* Work instruction
Would you return, word for word, the lines of the data below from the line with "by rewrite mxE;" through the line with "Lemma weighted_norm_ge0 al", and no others?

[Saved entries]
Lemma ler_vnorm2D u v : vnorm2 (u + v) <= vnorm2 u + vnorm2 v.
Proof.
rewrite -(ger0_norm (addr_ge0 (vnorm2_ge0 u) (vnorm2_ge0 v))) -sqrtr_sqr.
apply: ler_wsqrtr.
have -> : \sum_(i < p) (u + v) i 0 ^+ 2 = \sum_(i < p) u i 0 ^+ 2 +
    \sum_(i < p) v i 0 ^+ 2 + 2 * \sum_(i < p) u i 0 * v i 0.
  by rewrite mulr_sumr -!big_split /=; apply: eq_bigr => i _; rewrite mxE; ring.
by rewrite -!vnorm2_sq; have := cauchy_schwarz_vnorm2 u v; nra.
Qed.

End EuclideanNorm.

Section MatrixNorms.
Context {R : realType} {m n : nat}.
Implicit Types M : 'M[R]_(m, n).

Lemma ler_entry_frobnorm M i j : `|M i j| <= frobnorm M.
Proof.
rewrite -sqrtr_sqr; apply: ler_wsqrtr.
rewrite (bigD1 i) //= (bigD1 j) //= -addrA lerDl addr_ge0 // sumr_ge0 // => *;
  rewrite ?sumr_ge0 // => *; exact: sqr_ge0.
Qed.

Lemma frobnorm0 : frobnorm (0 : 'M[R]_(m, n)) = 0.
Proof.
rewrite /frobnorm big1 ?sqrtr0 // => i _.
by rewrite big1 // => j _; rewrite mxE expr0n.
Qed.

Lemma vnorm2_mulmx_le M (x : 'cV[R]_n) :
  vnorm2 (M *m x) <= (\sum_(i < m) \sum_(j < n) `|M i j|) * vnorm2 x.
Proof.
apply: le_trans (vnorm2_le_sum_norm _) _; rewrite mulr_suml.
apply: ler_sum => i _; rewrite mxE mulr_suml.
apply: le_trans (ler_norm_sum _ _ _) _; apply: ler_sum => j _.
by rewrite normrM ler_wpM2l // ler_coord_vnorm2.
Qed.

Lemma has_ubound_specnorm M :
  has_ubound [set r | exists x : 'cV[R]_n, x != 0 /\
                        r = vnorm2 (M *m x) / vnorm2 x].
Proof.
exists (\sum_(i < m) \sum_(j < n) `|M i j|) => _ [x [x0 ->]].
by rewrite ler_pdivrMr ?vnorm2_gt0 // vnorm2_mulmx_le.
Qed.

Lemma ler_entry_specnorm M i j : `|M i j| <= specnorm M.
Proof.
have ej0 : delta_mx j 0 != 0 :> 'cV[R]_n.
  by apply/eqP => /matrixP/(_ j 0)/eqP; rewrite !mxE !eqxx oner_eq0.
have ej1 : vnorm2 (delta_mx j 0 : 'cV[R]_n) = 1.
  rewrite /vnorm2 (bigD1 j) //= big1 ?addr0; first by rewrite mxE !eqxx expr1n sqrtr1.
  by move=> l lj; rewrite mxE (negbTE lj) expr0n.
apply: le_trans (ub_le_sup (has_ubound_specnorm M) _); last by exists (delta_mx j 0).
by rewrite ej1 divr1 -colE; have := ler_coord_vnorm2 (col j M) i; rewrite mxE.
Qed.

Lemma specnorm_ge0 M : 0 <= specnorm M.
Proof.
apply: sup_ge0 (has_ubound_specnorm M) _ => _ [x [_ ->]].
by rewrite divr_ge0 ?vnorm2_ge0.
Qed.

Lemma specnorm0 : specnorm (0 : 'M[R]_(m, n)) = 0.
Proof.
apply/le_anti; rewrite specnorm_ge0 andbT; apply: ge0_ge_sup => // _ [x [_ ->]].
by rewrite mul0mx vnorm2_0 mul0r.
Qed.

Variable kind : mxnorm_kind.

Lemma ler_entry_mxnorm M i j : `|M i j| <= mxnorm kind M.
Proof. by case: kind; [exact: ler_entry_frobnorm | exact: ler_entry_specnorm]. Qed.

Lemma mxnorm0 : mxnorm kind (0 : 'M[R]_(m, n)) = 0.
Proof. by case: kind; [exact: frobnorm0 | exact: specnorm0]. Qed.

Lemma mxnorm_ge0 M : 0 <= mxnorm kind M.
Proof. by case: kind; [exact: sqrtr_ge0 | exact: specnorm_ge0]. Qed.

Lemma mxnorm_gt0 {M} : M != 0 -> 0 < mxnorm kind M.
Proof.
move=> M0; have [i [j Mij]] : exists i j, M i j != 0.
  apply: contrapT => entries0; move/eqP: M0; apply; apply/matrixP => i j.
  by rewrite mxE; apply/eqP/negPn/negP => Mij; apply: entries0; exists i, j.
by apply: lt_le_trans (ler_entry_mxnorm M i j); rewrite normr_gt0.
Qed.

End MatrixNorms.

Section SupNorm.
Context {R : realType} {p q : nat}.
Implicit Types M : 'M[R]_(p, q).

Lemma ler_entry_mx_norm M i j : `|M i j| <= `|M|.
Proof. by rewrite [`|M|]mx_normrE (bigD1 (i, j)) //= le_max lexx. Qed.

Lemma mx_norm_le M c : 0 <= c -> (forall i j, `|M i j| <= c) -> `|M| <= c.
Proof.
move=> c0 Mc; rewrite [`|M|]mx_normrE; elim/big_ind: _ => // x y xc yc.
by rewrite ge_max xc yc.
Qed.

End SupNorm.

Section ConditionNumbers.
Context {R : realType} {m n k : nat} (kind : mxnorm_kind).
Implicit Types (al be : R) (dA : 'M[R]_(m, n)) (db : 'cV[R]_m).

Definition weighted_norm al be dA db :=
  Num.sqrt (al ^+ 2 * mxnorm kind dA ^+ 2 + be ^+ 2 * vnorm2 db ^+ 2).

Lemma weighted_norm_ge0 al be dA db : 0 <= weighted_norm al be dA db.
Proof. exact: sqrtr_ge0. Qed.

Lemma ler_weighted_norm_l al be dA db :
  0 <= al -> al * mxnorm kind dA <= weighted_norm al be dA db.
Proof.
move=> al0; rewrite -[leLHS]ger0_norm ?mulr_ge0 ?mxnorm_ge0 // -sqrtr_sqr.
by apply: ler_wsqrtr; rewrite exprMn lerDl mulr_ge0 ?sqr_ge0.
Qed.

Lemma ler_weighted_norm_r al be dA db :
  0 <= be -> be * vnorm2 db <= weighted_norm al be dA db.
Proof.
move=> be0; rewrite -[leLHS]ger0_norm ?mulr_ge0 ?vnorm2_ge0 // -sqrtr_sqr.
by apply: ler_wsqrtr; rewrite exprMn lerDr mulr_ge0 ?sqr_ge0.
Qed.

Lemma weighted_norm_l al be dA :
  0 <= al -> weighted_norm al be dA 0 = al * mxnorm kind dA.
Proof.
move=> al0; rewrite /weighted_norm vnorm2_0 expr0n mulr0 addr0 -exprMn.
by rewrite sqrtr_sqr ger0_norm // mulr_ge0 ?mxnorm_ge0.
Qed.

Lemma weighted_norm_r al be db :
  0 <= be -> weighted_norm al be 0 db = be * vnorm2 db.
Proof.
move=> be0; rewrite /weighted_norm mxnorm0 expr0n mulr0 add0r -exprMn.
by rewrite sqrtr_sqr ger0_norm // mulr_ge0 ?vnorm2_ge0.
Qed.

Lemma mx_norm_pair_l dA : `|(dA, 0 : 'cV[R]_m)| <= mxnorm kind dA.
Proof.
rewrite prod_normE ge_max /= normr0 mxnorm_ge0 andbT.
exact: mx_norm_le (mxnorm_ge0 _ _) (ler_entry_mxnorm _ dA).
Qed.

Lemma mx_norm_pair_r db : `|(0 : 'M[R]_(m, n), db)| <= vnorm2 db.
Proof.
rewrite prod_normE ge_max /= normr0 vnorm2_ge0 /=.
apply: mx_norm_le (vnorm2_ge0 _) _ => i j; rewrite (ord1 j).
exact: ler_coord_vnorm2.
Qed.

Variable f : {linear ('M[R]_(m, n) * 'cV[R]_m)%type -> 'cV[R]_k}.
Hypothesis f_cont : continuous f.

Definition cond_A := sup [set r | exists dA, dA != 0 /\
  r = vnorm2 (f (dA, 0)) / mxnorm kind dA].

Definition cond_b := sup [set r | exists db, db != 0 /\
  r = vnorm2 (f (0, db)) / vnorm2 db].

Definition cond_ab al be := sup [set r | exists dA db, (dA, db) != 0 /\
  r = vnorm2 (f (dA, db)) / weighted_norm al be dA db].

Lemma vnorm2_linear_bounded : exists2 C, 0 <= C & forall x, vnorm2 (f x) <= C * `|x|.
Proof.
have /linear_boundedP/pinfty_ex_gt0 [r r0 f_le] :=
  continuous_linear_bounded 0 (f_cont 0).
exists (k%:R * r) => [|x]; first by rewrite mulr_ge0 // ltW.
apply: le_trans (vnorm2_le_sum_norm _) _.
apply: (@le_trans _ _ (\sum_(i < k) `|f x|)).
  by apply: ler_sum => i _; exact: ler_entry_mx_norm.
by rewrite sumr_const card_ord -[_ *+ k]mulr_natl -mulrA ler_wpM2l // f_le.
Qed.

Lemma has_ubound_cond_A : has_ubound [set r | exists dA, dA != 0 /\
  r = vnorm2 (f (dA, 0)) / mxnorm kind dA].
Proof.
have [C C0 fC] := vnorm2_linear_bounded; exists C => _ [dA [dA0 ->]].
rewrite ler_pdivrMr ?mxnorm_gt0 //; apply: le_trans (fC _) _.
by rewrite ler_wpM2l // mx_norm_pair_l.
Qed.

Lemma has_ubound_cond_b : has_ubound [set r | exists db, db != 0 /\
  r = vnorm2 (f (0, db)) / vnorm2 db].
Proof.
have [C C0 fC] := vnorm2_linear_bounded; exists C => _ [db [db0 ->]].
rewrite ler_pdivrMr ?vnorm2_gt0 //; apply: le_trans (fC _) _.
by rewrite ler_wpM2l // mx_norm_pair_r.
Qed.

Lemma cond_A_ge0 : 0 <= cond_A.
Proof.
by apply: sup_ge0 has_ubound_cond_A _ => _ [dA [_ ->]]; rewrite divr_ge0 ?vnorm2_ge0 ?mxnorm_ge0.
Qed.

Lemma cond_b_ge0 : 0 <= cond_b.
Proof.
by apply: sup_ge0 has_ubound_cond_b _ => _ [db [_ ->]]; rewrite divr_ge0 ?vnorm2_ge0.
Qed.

* Answer to this task
  by rewrite mxE; apply/eqP/negPn/negP => Mij; apply: entries0; exists i, j.
by apply: lt_le_trans (ler_entry_mxnorm M i j); rewrite normr_gt0.
Qed.

End MatrixNorms.

Section SupNorm.
Context {R : realType} {p q : nat}.
Implicit Types M : 'M[R]_(p, q).

Lemma ler_entry_mx_norm M i j : `|M i j| <= `|M|.
Proof. by rewrite [`|M|]mx_normrE (bigD1 (i, j)) //= le_max lexx. Qed.

Lemma mx_norm_le M c : 0 <= c -> (forall i j, `|M i j| <= c) -> `|M| <= c.
Proof.
move=> c0 Mc; rewrite [`|M|]mx_normrE; elim/big_ind: _ => // x y xc yc.
by rewrite ge_max xc yc.
Qed.

End SupNorm.

Section ConditionNumbers.
Context {R : realType} {m n k : nat} (kind : mxnorm_kind).
Implicit Types (al be : R) (dA : 'M[R]_(m, n)) (db : 'cV[R]_m).

Definition weighted_norm al be dA db :=
  Num.sqrt (al ^+ 2 * mxnorm kind dA ^+ 2 + be ^+ 2 * vnorm2 db ^+ 2).

Lemma weighted_norm_ge0 al be dA db : 0 <= weighted_norm al be dA db.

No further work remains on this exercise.